Stored data:
= Beginning of Section =
(* Let $\mathcal X$ be a non-empty finite set, $\mathcal A_x$ non-empty finite sets, $\mathcal Z=\{(x,a):x\in\mathcal X,a\in\mathcal A_x\}$, $P(x,a,\cdot)$ probability measures on $\mathcal X$, $S(x,a,y,\cdot)$ probability measures on $\mathbb R$ with finite second moments, and $\gamma\in[0,1)$. For a function $\varepsilon:\mathcal X\to[0,1]$, a function $q:\mathcal Z\to\mathbb R$ and $x\in\mathcal X$, define the probability measure $\pi^\varepsilon_q(x,\cdot)$ on $\mathcal A_x$ by $$\pi^\varepsilon_q(x,a)=\frac{\varepsilon(x)}{|\mathcal A_x|}+\mathbf 1_{\{a\in\arg\max q(x,\cdot)\}}\frac{1-\varepsilon(x)}{|\arg\max q(x,\cdot)|},$$ and define $\mathcal H(\varepsilon,q):\mathcal Z\to\mathbb R$ by $\mathcal H(\varepsilon,q)(x,a)=Q_{\pi^\varepsilon_q}(x,a)$. Then $\mathcal H(\varepsilon,q)(x,a)\le Q^*(x,a)$ for all $(x,a)\in\mathcal Z$ and $$\|\mathcal H(\varepsilon,q)-Q^*\|_\infty\le\frac{\gamma}{1-\gamma}\Big(\|Q^*-q\|_\infty+\|(q-Q^* )_+\|_\infty+2\|Q^*\|_\infty\|\varepsilon\|_\infty\Big),$$ where $(q-Q^* )_+(x,a)=\max\{q(x,a)-Q^*(x,a),0\}$ and $\|\cdot\|_\infty$ denotes the max norm.
   Context: For an SM policy $\pi$ (a family of probability measures $\pi(x,\cdot)$ on $\mathcal A_x$) and $x\in\mathcal X$: $X_0=x$, $A_t\sim\pi(X_t,\cdot)$, $X_{t+1}\sim P(X_t,A_t,\cdot)$ given the past, and conditionally on the state-action process the rewards $R_{t+1}\sim S(X_t,A_t,X_{t+1},\cdot)$ are independent; $V_\pi(x)=\mathbb E_{x,\pi}[\sum_{t\ge0}\gamma^tR_{t+1}]$. General (history-dependent) policies $\Pi$ are defined analogously with $A_t$ drawn from $\Pi_t(H_t,\cdot)$, $H_t=(X_0,A_0,\dots,X_t)$, and $V^*(x)=\sup_\Pi V_\Pi(x)$. Let $g(x,a,y)=\int z\,S(x,a,y,dz)$, $r(x,a)=\sum_yP(x,a,y)g(x,a,y)$, $Q_\pi(x,a)=r(x,a)+\gamma\sum_yP(x,a,y)V_\pi(y)$ and $Q^*(x,a)=r(x,a)+\gamma\sum_yP(x,a,y)V^*(y)$. *)

From HB Require Import structures.
From mathcomp Require Import all_boot all_order all_algebra.
From mathcomp Require Import all_classical all_reals all_analysis.
Set Implicit Arguments. Unset Strict Implicit. Unset Printing Implicit Defensive.
Import Order.TTheory GRing.Theory Num.Theory.
Import numFieldNormedType.Exports.
Local Open Scope classical_set_scope.
Local Open Scope ring_scope.

Section MDP.
Variables (R : realType) (X Act : finType) (A : X -> {set Act}).
Variables (P : X -> Act -> X -> R) (g : X -> Act -> X -> R) (gamma : R).

Definition mean_reward (S : X -> Act -> X -> probability R R) (x : X) (a : Act)
  (y : X) : R := fine (\int[S x a y]_z (z%:E))%E.

(* General (history-dependent) policies: Pi t h x a is the probability of
   action a at time t given history H_t = (X_0,A_0,...,X_{t-1},A_{t-1},X_t),
   encoded as the list h = [(X_0,A_0);...;(X_{t-1},A_{t-1})] and x = X_t. *)
Definition gpolicy := nat -> seq (X * Act) -> X -> Act -> R.

Definition is_gpolicy (Pi : gpolicy) : Prop :=
  forall t h x, [/\ forall a, 0 <= Pi t h x a,
                    forall a, a \notin A x -> Pi t h x a = 0 &
                    \sum_(a : Act) Pi t h x a = 1].

Definition is_smpolicy (pi : X -> Act -> R) : Prop :=
  forall x, [/\ forall a, 0 <= pi x a,
                forall a, a \notin A x -> pi x a = 0 &
                \sum_(a : Act) pi x a = 1].

Definition gpolicy_of_sm (pi : X -> Act -> R) : gpolicy := fun _ _ x a => pi x a.

(* J n h x = E[ sum_{k = t}^{t+n-1} gamma^(k-t) R_{k+1} | H_t = (h, x) ],
   t = size h; by conditional independence of rewards only the means g matter *)
Fixpoint horizon_value (Pi : gpolicy) (n : nat) (h : seq (X * Act)) (x : X) : R :=
  match n with
  | 0 => 0
  | n'.+1 => \sum_(a : Act) Pi (size h) h x a *
       \sum_(y : X) P x a y * (g x a y + gamma * horizon_value Pi n' (rcons h (x, a)) y)
  end.

(* V_Pi(x) = E_{x,Pi}[sum_t gamma^t R_{t+1}] = lim_n E_{x,Pi}[sum_{t<n} gamma^t R_{t+1}] *)
Definition value (Pi : gpolicy) (x : X) : R :=
  limn (fun n => horizon_value Pi n [::] x).

Definition Vstar (x : X) : R :=
  sup [set value Pi x | Pi in [set Pi | is_gpolicy Pi]].

Definition rew (x : X) (a : Act) : R := \sum_(y : X) P x a y * g x a y.

Definition Qpol (pi : X -> Act -> R) (x : X) (a : Act) : R :=
  rew x a + gamma * \sum_(y : X) P x a y * value (gpolicy_of_sm pi) y.

Definition Qstar (x : X) (a : Act) : R :=
  rew x a + gamma * \sum_(y : X) P x a y * Vstar y.

Definition argmaxA (q : X -> Act -> R) (x : X) : {set Act} :=
  [set a in A x | [forall b in A x, q x b <= q x a]].

Definition eps_greedy (eps : X -> R) (q : X -> Act -> R) (x : X) (a : Act) : R :=
  (a \in A x)%:R * (eps x / #|A x|%:R
     + (a \in argmaxA q x)%:R * ((1 - eps x) / #|argmaxA q x|%:R)).

Definition Hop (eps : X -> R) (q : X -> Act -> R) : X -> Act -> R :=
  Qpol (eps_greedy eps q).

Definition supZ (f : X -> Act -> R) : R :=
  \big[Num.max/0]_(p : X * Act | p.2 \in A p.1) `|f p.1 p.2|.

Definition supX (f : X -> R) : R := \big[Num.max/0]_(x : X) `|f x|.

End MDP.

(* Let V_pi be the value of the eps-greedy policy, and D = sup_y (Vs y - V_pi y).
   One-step unfolding gives Qs - H = gamma P (Vs - V_pi), so 0 <= Qs - H <= gamma D.
   Fix x and a maximiser b of Qs x; as Vs x <= Qs x b,
   Vs x - V_pi x <= sum_a pi x a (Qs x b - H x a).  On the uniform part each term
   is at most 2 |Qs| + gamma D; on a greedy action a, q x a >= q x b gives
   Qs x b - Qs x a <= (Qs - q) x b + max (q - Qs) 0 x a.  Hence D <= C + gamma D,
   with C the bracket of the bound, so D <= C / (1 - gamma) and
   |H - Qs| <= gamma D. *)

From HB Require Import structures.
From mathcomp Require Import all_boot all_order all_algebra.
From mathcomp Require Import all_classical all_reals all_analysis.
From mathcomp Require Import ring lra.
Set Implicit Arguments. Unset Strict Implicit. Unset Printing Implicit Defensive.
Import Order.TTheory GRing.Theory Num.Theory.
Import numFieldNormedType.Exports.
Local Open Scope classical_set_scope.
Local Open Scope ring_scope.

Section ConvexCombination.
Variables (R : realDomainType) (I : finType) (w : I -> R).
Hypotheses (w_ge0 : forall i, 0 <= w i) (w_sum1 : \sum_i w i = 1).

Lemma convex_sum_le (f : I -> R) c :
  (forall i, w i != 0 -> f i <= c) -> \sum_i w i * f i <= c.
Proof.
move=> f_le; apply: (@le_trans _ _ (\sum_i w i * c)); last first.
  by rewrite -mulr_suml w_sum1 mul1r.
apply: ler_sum => i _; have [->|wi_neq0] := eqVneq (w i) 0; first by rewrite !mul0r.
by rewrite ler_wpM2l // f_le.
Qed.

Lemma norm_convex_sum_le (f : I -> R) c :
  (forall i, w i != 0 -> `|f i| <= c) -> `|\sum_i w i * f i| <= c.
Proof.
move=> f_le; rewrite ler_norml; apply/andP; split.
  rewrite lerNl -sumrN; under eq_bigr do rewrite -mulrN.
  by apply: convex_sum_le => i /f_le; rewrite ler_norml lerNl => /andP[].
by apply: convex_sum_le => i /f_le; rewrite ler_norml => /andP[].
Qed.

End ConvexCombination.

Lemma cvgn_geometric_increments (R : realType) (u : R^nat) (G r : R) :
  0 <= r -> r < 1 -> (forall n, `|u n.+1 - u n| <= G * r ^+ n) -> cvgn u.
Proof.
move=> r_ge0 r_lt1 du.
have G_ge0 : 0 <= G by have := du 0%N; rewrite expr0 mulr1; apply: le_trans.
have -> : u = (fun n => u 0%N + series (telescope u) n).
  by apply/funext => n; exact: eq_sum_telescope.
apply: is_cvgD; first exact: is_cvg_cst.
apply: normed_cvg; apply: (@series_le_cvg _ _ (geometric G r)).
- by move=> n; exact: normr_ge0.
- by move=> n; rewrite /geometric /= mulr_ge0 // exprn_ge0.
- exact: du.
- by apply: is_cvg_geometric_series; rewrite ger0_norm.
Qed.

Section UniformWeights.
Context {R : numFieldType} {T : finType}.

Definition uniform_on (S : {set T}) (a : T) : R := (a \in S)%:R / #|S|%:R.

Lemma uniform_on_ge0 (S : {set T}) a : 0 <= uniform_on S a.
Proof. by rewrite divr_ge0 ?ler0n. Qed.

Lemma sum_uniform_on (S : {set T}) : (exists a, a \in S) -> \sum_a uniform_on S a = 1.
Proof.
move=> [a aS]; rewrite -mulr_suml.
have -> : \sum_b ((b \in S)%:R : R) = #|S|%:R.
  rewrite -sumr_const [RHS]big_mkcond; apply: eq_bigr => b _.
  by case: (b \in S).
by rewrite mulfV // pnatr_eq0 -lt0n; apply/card_gt0P; exists a.
Qed.

End UniformWeights.

Section MaxNorms.
Variables (R : realType) (X Act : finType) (A : X -> {set Act}).

Lemma supZ_ge0 (f : X -> Act -> R) : 0 <= supZ A f.
Proof. by apply: (big_ind (fun x => 0 <= x)) => // x y x_ge0 _; rewrite le_max x_ge0. Qed.

Lemma norm_le_supZ (f : X -> Act -> R) x a : a \in A x -> `|f x a| <= supZ A f.
Proof. by move=> aA; apply: (le_bigmax_cond _ (j := (x, a))). Qed.

Lemma le_supZ (f : X -> Act -> R) x a : a \in A x -> f x a <= supZ A f.
Proof. by move=> aA; apply: le_trans (ler_norm _) (norm_le_supZ f aA). Qed.

Lemma supX_ge0 (f : X -> R) : 0 <= supX f.
Proof. by apply: (big_ind (fun x => 0 <= x)) => // x y x_ge0 _; rewrite le_max x_ge0. Qed.

Lemma le_supX (f : X -> R) x : f x <= supX f.
Proof. by apply: le_trans (ler_norm _) _; apply: (le_bigmax _ _ x). Qed.

End MaxNorms.

Section Values.
Variables (R : realType) (X Act : finType) (A : X -> {set Act}).
Variables (P : X -> Act -> X -> R) (g : X -> Act -> X -> R) (gamma : R).
Hypothesis P_distr :
  forall x a, a \in A x -> (forall y, 0 <= P x a y) /\ \sum_(y : X) P x a y = 1.
Hypotheses (gamma_ge0 : 0 <= gamma) (gamma_lt1 : gamma < 1).

Local Notation J := (horizon_value P g gamma).
Local Notation V := (value P g gamma).
Local Notation Vs := (Vstar A P g gamma).
Local Notation Qs := (Qstar A P g gamma).

Definition reward_bound : R :=
  \big[Num.max/0]_(p : X * Act * X | p.1.2 \in A p.1.1) `|g p.1.1 p.1.2 p.2|.

Lemma reward_bound_ge0 : 0 <= reward_bound.
Proof. by apply: (big_ind (fun x => 0 <= x)) => // x y x_ge0 _; rewrite le_max x_ge0. Qed.

Lemma norm_reward_le x a y : a \in A x -> `|g x a y| <= reward_bound.
Proof. by move=> aA; apply: (le_bigmax_cond _ (j := (x, a, y))). Qed.

Definition value_bound : R := reward_bound / (1 - gamma).

Lemma value_bound_ge0 : 0 <= value_bound.
Proof. by rewrite divr_ge0 ?reward_bound_ge0 // subr_ge0 ltW. Qed.

Lemma value_bound_fixed : reward_bound + gamma * value_bound = value_bound.
Proof.
have -> : reward_bound = value_bound * (1 - gamma).
  by rewrite divfK // subr_eq0 gt_eqF.
ring.
Qed.

Lemma transition_sum_le x a (f : X -> R) c :
  a \in A x -> (forall y, f y <= c) -> \sum_y P x a y * f y <= c.
Proof. by move=> aA f_le; case: (P_distr aA) => P_ge0 P_sum1; apply: convex_sum_le. Qed.

Lemma norm_transition_sum_le x a (f : X -> R) c :
  a \in A x -> (forall y, `|f y| <= c) -> `|\sum_y P x a y * f y| <= c.
Proof. by move=> aA f_le; case: (P_distr aA) => P_ge0 P_sum1; apply: norm_convex_sum_le. Qed.

Lemma horizon_valueS (Pi : gpolicy R X Act) n h x : J Pi n.+1 h x =
  \sum_a Pi (size h) h x a * \sum_y P x a y * (g x a y + gamma * J Pi n (rcons h (x, a)) y).
Proof. by []. Qed.

Section GeneralPolicy.
Variable Pi : gpolicy R X Act.
Hypothesis Pi_policy : is_gpolicy A Pi.

Lemma gpolicy_support t h x a : Pi t h x a != 0 -> a \in A x.
Proof.
by apply: contraNT => aA; case: (Pi_policy t h x) => _ /(_ a aA) -> _; rewrite eqxx.
Qed.

Lemma gpolicy_sum_le t h x (f : Act -> R) c :
  (forall a, a \in A x -> f a <= c) -> \sum_a Pi t h x a * f a <= c.
Proof.
move=> f_le; case: (Pi_policy t h x) => Pi_ge0 _ Pi_sum1.
by apply: convex_sum_le => // a /gpolicy_support /f_le.
Qed.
= End of Section =
About this exercise
After locating the line with "From mathcomp Require Import ring lra." above, return that line and every later line through the one with "Proof. by rewrite divr_ge0 ?ler0n. Qed.", word for word and with nothing else.

Output for this task
From mathcomp Require Import ring lra.
Set Implicit Arguments. Unset Strict Implicit. Unset Printing Implicit Defensive.
Import Order.TTheory GRing.Theory Num.Theory.
Import numFieldNormedType.Exports.
Local Open Scope classical_set_scope.
Local Open Scope ring_scope.

Section ConvexCombination.
Variables (R : realDomainType) (I : finType) (w : I -> R).
Hypotheses (w_ge0 : forall i, 0 <= w i) (w_sum1 : \sum_i w i = 1).

Lemma convex_sum_le (f : I -> R) c :
  (forall i, w i != 0 -> f i <= c) -> \sum_i w i * f i <= c.
Proof.
move=> f_le; apply: (@le_trans _ _ (\sum_i w i * c)); last first.
  by rewrite -mulr_suml w_sum1 mul1r.
apply: ler_sum => i _; have [->|wi_neq0] := eqVneq (w i) 0; first by rewrite !mul0r.
by rewrite ler_wpM2l // f_le.
Qed.

Lemma norm_convex_sum_le (f : I -> R) c :
  (forall i, w i != 0 -> `|f i| <= c) -> `|\sum_i w i * f i| <= c.
Proof.
move=> f_le; rewrite ler_norml; apply/andP; split.
  rewrite lerNl -sumrN; under eq_bigr do rewrite -mulrN.
  by apply: convex_sum_le => i /f_le; rewrite ler_norml lerNl => /andP[].
by apply: convex_sum_le => i /f_le; rewrite ler_norml => /andP[].
Qed.

End ConvexCombination.

Lemma cvgn_geometric_increments (R : realType) (u : R^nat) (G r : R) :
  0 <= r -> r < 1 -> (forall n, `|u n.+1 - u n| <= G * r ^+ n) -> cvgn u.
Proof.
move=> r_ge0 r_lt1 du.
have G_ge0 : 0 <= G by have := du 0%N; rewrite expr0 mulr1; apply: le_trans.
have -> : u = (fun n => u 0%N + series (telescope u) n).
  by apply/funext => n; exact: eq_sum_telescope.
apply: is_cvgD; first exact: is_cvg_cst.
apply: normed_cvg; apply: (@series_le_cvg _ _ (geometric G r)).
- by move=> n; exact: normr_ge0.
- by move=> n; rewrite /geometric /= mulr_ge0 // exprn_ge0.
- exact: du.
- by apply: is_cvg_geometric_series; rewrite ger0_norm.
Qed.

Section UniformWeights.
Context {R : numFieldType} {T : finType}.

Definition uniform_on (S : {set T}) (a : T) : R := (a \in S)%:R / #|S|%:R.

Lemma uniform_on_ge0 (S : {set T}) a : 0 <= uniform_on S a.
Proof. by rewrite divr_ge0 ?ler0n. Qed.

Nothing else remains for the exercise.